We were obscenely grateful and apologetic, and he was gracious and kind, and helped us carry her to the car.

Then, the moment we got home, she ripped her tape muzzle, so we had to go back, this time in heavy Bay Area traffic.

Goddammit Bosco.

They gave her a new muzzle, and then a spare one in case it fell off, and a new cone, because the stiff one was too uncomfortable for her.


Friday went without incident, except that we've discovered that she hates hates being tube-fed unless she is cuddling with someone. So now when I feed her, I have to be on my back or on the sofa, with her hugging my chest. Tube feeding is a sloooooow process (we don't want her to throw up, after all) and while the paper says it should take 10-20 minutes, I find it takes us an hour, just because we all are terrified of her barfing into her muzzle.


Saturday-day went without incident, but in the evening time, we noticed there were maggots burrowing on her chin.

We drove her back to the hospital (again at night time), where they gave her pills to kill the bugs, identified the source as a cut in her lip, gave us special antibiotic spray and vaseline to cover it, and sent us on our way. This time around, they didn’t charge us for half the stuff they’d given us or done for her, which was kind.


Then on Sunday, her muzzle kept falling off.

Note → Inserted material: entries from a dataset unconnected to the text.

(* Let $n,m$ be integers with $1\le n\le m$ and let $(G,\sigma)$ be a signed graph with $G=P_n\,\square\,P_m$ (a signed grid). Then $\chi_s(G,\sigma)\le 6$. If $n\le 4$, then $\chi_s(G,\sigma)\le 5$. Moreover, there exist signed grids (signed graphs whose underlying graph is $P_n\,\square\,P_m$ for some $n,m$) with chromatic number $5$.
   Context: A signed graph $(G,\sigma)$ is a simple loopless undirected graph $G$ with a signature $\sigma:E(G)\to\{+1,-1\}$. Switching a vertex $v$ negates the sign of every edge incident to $v$; two signatures are equivalent if one is obtained from the other by switching a set of vertices. A homomorphism of $(G,\sigma)$ to $(H,\pi)$ is a graph homomorphism $\varphi:G\to H$ for which there is a signature $\sigma'$ equivalent to $\sigma$ with $\pi(\varphi(u)\varphi(v))=\sigma'(uv)$ for every edge $uv$ of $G$. $\chi_s(G,\sigma)$ is the smallest order of a signed graph to which $(G,\sigma)$ admits a homomorphism. $P_n$ is the path on $n$ vertices and $\square$ is the Cartesian product of graphs. *)

From Stdlib Require Import ClassicalEpsilon.
From mathcomp Require Import all_boot.
Set Implicit Arguments. Unset Strict Implicit. Unset Printing Implicit Defensive.

Definition simple_graph (T : finType) (e : rel T) : Prop :=
  symmetric e /\ irreflexive e.

(* A signature on the edges of (T, e): s u v = true means the edge uv is
   negative (sign -1), false means positive (+1). *)
Definition signature_on (T : finType) (e : rel T) (s : rel T) : Prop :=
  forall u v, e u v -> s u v = s v u.

Definition switch (T : finType) (S : {set T}) (s : rel T) : rel T :=
  fun u v => s u v (+) (u \in S) (+) (v \in S).

Definition signed_hom (T U : finType) (eG : rel T) (sigma : rel T)
    (eH : rel U) (pi : rel U) (phi : T -> U) : Prop :=
  exists S : {set T}, forall u v, eG u v ->
    eH (phi u) (phi v) /\ pi (phi u) (phi v) = switch S sigma u v.

(* (G, sigma) admits a homomorphism to some signed graph of order k
   (vertex set 'I_k, up to isomorphism any graph of order k). *)
Definition hom_to_order (T : finType) (eG sigma : rel T) (k : nat) : Prop :=
  exists (eH piH : rel 'I_k), simple_graph eH /\ signature_on eH piH /\
    exists phi : T -> 'I_k, signed_hom eG sigma eH piH phi.

Definition hom_to_order_b (T : finType) (eG sigma : rel T) : pred nat :=
  fun k => if excluded_middle_informative (hom_to_order eG sigma k)
           then true else false.

(* chi_s(G, sigma): smallest order of a signed graph to which (G, sigma)
   admits a homomorphism (0 if none exists, which never happens for
   a simple graph with a signature). *)
Definition chi_s (T : finType) (eG sigma : rel T) : nat :=
  match excluded_middle_informative (exists k, hom_to_order_b eG sigma k) with
  | left h => ex_minn h
  | right _ => 0
  end.

Definition grid_adj (n m : nat) : rel ('I_n * 'I_m) :=
  fun x y =>
    ((x.1 == y.1) && (((val x.2).+1 == val y.2) || ((val y.2).+1 == val x.2)))
    || ((x.2 == y.2) && (((val x.1).+1 == val y.1) || ((val y.1).+1 == val x.1))).
Arguments grid_adj : clear implicits.

From Stdlib Require Import ClassicalEpsilon.
From mathcomp Require Import all_boot.

Set Implicit Arguments.
Unset Strict Implicit.
Unset Printing Implicit Defensive.

(** The cycle space of a grid is spanned by its 4-faces, so two signatures of
    a grid are switching equivalent iff they give every face the same sign.
    Hence (G, sigma) maps to a signed complete graph (K_k, P) iff G has a
    proper k-colouring c such that the signature P (c u) (c v) gives every
    face its sign under sigma; such colourings are built column by column.
    In the signed K_6 whose negative edges are the diagonals of the pentagon
    0..4, for any distinct colours u, l and any third colour a there are
    colours z outside {u, l, a} with either parity of P u z + P l z, so each
    new column can be chosen greedily row by row.  For the signed K_5 with
    negative edges 14, 23, 34 a finite check shows that every proper column of
    height 4 can be followed by another one whatever the signs of the three
    faces between them.  Conversely, an exhaustive search over the 64
    signatures of K_4 shows that the 3 x 4 grid whose only positive face is
    the middle one of its top row has no such 4-colouring. *)

Section SignedChromaticNumber.
Variables (T : finType) (eG sigma : rel T).

Lemma hom_to_order_bP k : reflect (hom_to_order eG sigma k) (hom_to_order_b eG sigma k).
Proof. by rewrite /hom_to_order_b; case: excluded_middle_informative => h; constructor. Qed.
(* Let $V=2V_2\oplus V_4$ and $R=\mathcal{O}(V)^{\mathrm{SL}_2(\mathbb{C})}$. Then $R$ has no homogeneous system of parameters with degrees $2,2,2,2,3,3,3,4$; indeed, all invariants of degree $2$ or $3$ vanish at every point $(ax^2,bx^2,xy^3)$, $a,b\in\mathbb{C}$.
   Context: $V_k$ is the $\mathrm{SL}_2(\mathbb{C})$-module of complex binary forms of degree $k$ in $x,y$; $2V_2=V_2\oplus V_2$; $R$ is the graded algebra of invariant polynomial functions on $V$. A homogeneous system of parameters is a set of algebraically independent homogeneous elements of positive degree over whose generated subalgebra $R$ is integral. *)

From HB Require Import structures.
From mathcomp Require Import all_boot all_algebra.
From mathcomp Require Import mpoly.
Set Implicit Arguments. Unset Strict Implicit. Unset Printing Implicit Defensive.
Import GRing.Theory Num.Theory.
Local Open Scope ring_scope.

(* V = 2V_2 (+) V_4 has dimension 3 + 3 + 5 = 11.  A point of V is a
   coordinate vector v : 'I_11 -> C, where
     v 0, v 1, v 2          are the coefficients of the first  quadratic form,
     v 3, v 4, v 5          are the coefficients of the second quadratic form,
     v 6, ..., v 10         are the coefficients of the quartic form,
   with the convention that the coefficient vector (c_0,...,c_k) represents
   the binary form  sum_i c_i x^(k-i) y^i . *)

Section BinaryForms.
Variable C : numClosedFieldType.

Definition coordV (v : 'I_11 -> C) (j : nat) : C := v (inord j).

Definition bform (k off : nat) (v : 'I_11 -> C) (x y : C) : C :=
  \sum_(i < k.+1) coordV v (off + i) * x ^+ (k - i) * y ^+ i.

Definition formA (v : 'I_11 -> C) := bform 2 0 v.
Definition formB (v : 'I_11 -> C) := bform 2 3 v.
Definition formC (v : 'I_11 -> C) := bform 4 6 v.

(* g = [[a, b], [c, d]] in SL_2(C) sends v to v' (i.e. v' = g . v), where
   (g . f)(x, y) = f (g^{-1} (x, y)), i.e. (g . f)(g (x,y)) = f (x,y);
   the action on V is componentwise. *)
Definition SL2_moves (a b c d : C) (v v' : 'I_11 -> C) : Prop :=
  forall x y : C,
    [/\ formA v' (a * x + b * y) (c * x + d * y) = formA v x y,
        formB v' (a * x + b * y) (c * x + d * y) = formB v x y &
        formC v' (a * x + b * y) (c * x + d * y) = formC v x y].

Definition SL2_invariant (p : {mpoly C[11]}) : Prop :=
  forall a b c d : C, a * d - b * c = 1 ->
  forall v v' : 'I_11 -> C, SL2_moves a b c d v v' -> meval v' p = meval v p.

Definition in_gen_subalg (m : nat) (f : 'I_m -> {mpoly C[11]})
  (r : {mpoly C[11]}) : Prop :=
  exists Q : {mpoly C[m]}, r = Q \mPo [tuple f i | i < m].

Definition alg_indep (m : nat) (f : 'I_m -> {mpoly C[11]}) : Prop :=
  forall Q : {mpoly C[m]}, Q \mPo [tuple f i | i < m] = 0 -> Q = 0.

Definition R_integral_over (m : nat) (f : 'I_m -> {mpoly C[11]}) : Prop :=
  forall r : {mpoly C[11]}, SL2_invariant r ->
  exists (n : nat) (s : 'I_n -> {mpoly C[11]}),
    (forall i, in_gen_subalg f (s i)) /\
    r ^+ n + \sum_(i < n) s i * r ^+ i = 0.

Definition is_hsop (m : nat) (f : 'I_m -> {mpoly C[11]}) : Prop :=
  [/\ forall i, SL2_invariant (f i),
      forall i, exists2 d : nat, (0 < d)%N & f i \is d.-homog,
      alg_indep f &
      R_integral_over f].

(* the point (a x^2, b x^2, x y^3) of V *)
Definition special_point (a b : C) : 'I_11 -> C :=
  fun j => if val j == 0%N then a
           else if val j == 3%N then b
           else if val j == 9%N then 1 else 0.

End BinaryForms.

Definition hsop_degs : 'I_8 -> nat := fun i => nth 0%N [:: 2; 2; 2; 2; 3; 3; 3; 4]%N i.

From Pilot Require Import Defs.
From HB Require Import structures.
From mathcomp Require Import all_boot all_algebra.
From mathcomp Require Import mpoly ring.

Set Implicit Arguments. Unset Strict Implicit. Unset Printing Implicit Defensive.
Import GRing.Theory Num.Theory.
Local Open Scope ring_scope.

(* Under diag(t, t^-1) the point (a x^2, b x^2, x y^3) has weights -2, -2, 2, so t = i maps
   it to its opposite and every cubic invariant vanishes there.  A quadratic invariant is
   governed by its polar form; torus weights leave only the pairings of x^2 with x y^3, and
   two unipotent substitutions force these to vanish as well.  A quartic invariant q
   restricts to a binary quadratic form in (a, b), hence has a nontrivial zero v0 on this
   plane.  All members of a would-be system of parameters of degrees 2,2,2,2,3,3,3,4 then
   vanish at v0, while the degree-4 invariant disc (A, C)_2 (or disc (B, C)_2) does not;
   integrality would make it constant on the line through v0, yet it takes every value there. *)

Section HomogeneousEvaluation.
Variables (R : comRingType) (n : nat).
Implicit Types (p : {mpoly R[n]}) (u v w : 'I_n -> R) (k : R).

Lemma mevalXn v p (k : nat) : meval v (p ^+ k) = meval v p ^+ k.
Proof. exact: rmorphXn. Qed.

Lemma meval_homogZ d p k v :
  p \is d.-homog -> meval (fun i => k * v i) p = k ^+ d * meval v p.
Proof.
move=> /dhomogP p_d; rewrite !mevalE big_distrr /=.
apply: eq_big_seq => m m_p; rewrite mulrCA; congr (_ * _).
under eq_bigr do rewrite exprMn.
by rewrite big_split /= prodrXr -mdegE p_d.
Qed.

Lemma meval_line_poly p u w :
  exists G : {poly R}, forall x, meval (fun i => u i + w i * x) p = G.[x].
Proof.
exists (\sum_(m <- msupp p) (p@_m)%:P * \prod_i ((u i)%:P + w i *: 'X) ^+ m i) => x.
rewrite mevalE horner_sum; apply: eq_bigr => m _; rewrite hornerCM horner_prod.
by congr (_ * _); apply: eq_bigr => i _; rewrite horner_exp hornerD hornerC hornerZ hornerX.
Qed.

Lemma mdeg2_prod (m : 'X_{1..n}) : mdeg m = 2%N ->
  exists i j, forall v, \prod_k v k ^+ m k = v i * v j.
Proof.
move=> m2.
have [i m_i] : exists i, (0 < m i)%N.
  apply/existsP; apply: contraT; rewrite negb_exists => /forallP m0.
  by move: m2; rewrite mdegE big1 // => k _; move: (m0 k); rewrite lt0n negbK => /eqP.
pose m' := (m - U_(i))%MM.
have Em : m = (m' + U_(i))%MM.
  apply/mnmP => k; rewrite mnmDE mnmBE mnm1E.
  by case: eqP => [<-|_]; rewrite ?subn0 ?addn0 ?subnK.
have : mdeg m' == 1%N by move: m2; rewrite Em mdegD mdeg1 addn1 => -[->].
case/mdeg1P => j /eqP Ej; exists i, j => v.
rewrite Em Ej; under eq_bigr do rewrite mnmDE exprD.
rewrite big_split /= mulrC.
by congr (_ * _); [rewrite (bigD1 i) | rewrite (bigD1 j)] => //=;
  rewrite mnm1E eqxx big1 ?mulr1 // => k /negbTE; rewrite mnm1E eq_sym => ->.
Qed.

End HomogeneousEvaluation.

Section Polarization.
Variables (R : comRingType) (n : nat) (p : {mpoly R[n]}).
Implicit Types (u w : 'I_n -> R) (k : R).

Definition polar u w := meval (u \+ w) p - meval u p - meval w p.

Lemma polarC u w : polar u w = polar w u.
Proof.
rewrite /polar (@meval_eq _ _ (u \+ w) (w \+ u)) => [|i]; last exact: addrC.
by rewrite addrAC.
Qed.

Lemma eq_polar u u' w w' : u =1 u' -> w =1 w' -> polar u w = polar u' w'.
Proof.
move=> eq_u eq_w; rewrite /polar (meval_eq p eq_u) (meval_eq p eq_w).
by congr (_ - _ - _); apply: meval_eq => i /=; rewrite eq_u eq_w.
Qed.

We replaced it several times, and realized that the swelling of her jaw had gotten so bad, the muzzle was no longer slipping over her mouth, but was only holding her bottom “lip” up. She had swollen up enough that it no longer fit her.

We called Sunday about it, and the advice nurse said that we could wait until morning to bring her in, provided her cone stayed on. We took her back to the vet on Monday, and this time that made us another muzzle that covered the entirety of her bottom jaw, not just a horse-bridle-style one like she had been using before.

The didn't charge us at all, which was nice. I'm actually really liking this place so far. Its the Sage animal hospital in Campbell, in case anyone is looking.

Hopefully, this will solve the issue.


Today is Tuesday, and I am really hoping that was the last of our adventures.

Bosco currently spends most of her time in a big-dog-sized cage/crate thing on top of a blanket, but we've been letting her out to sit with us. The important thing is that she doesn't run around or jump or climb. Even so, despite her cone, she still will go sit by the door, as though we're going to let her back outside.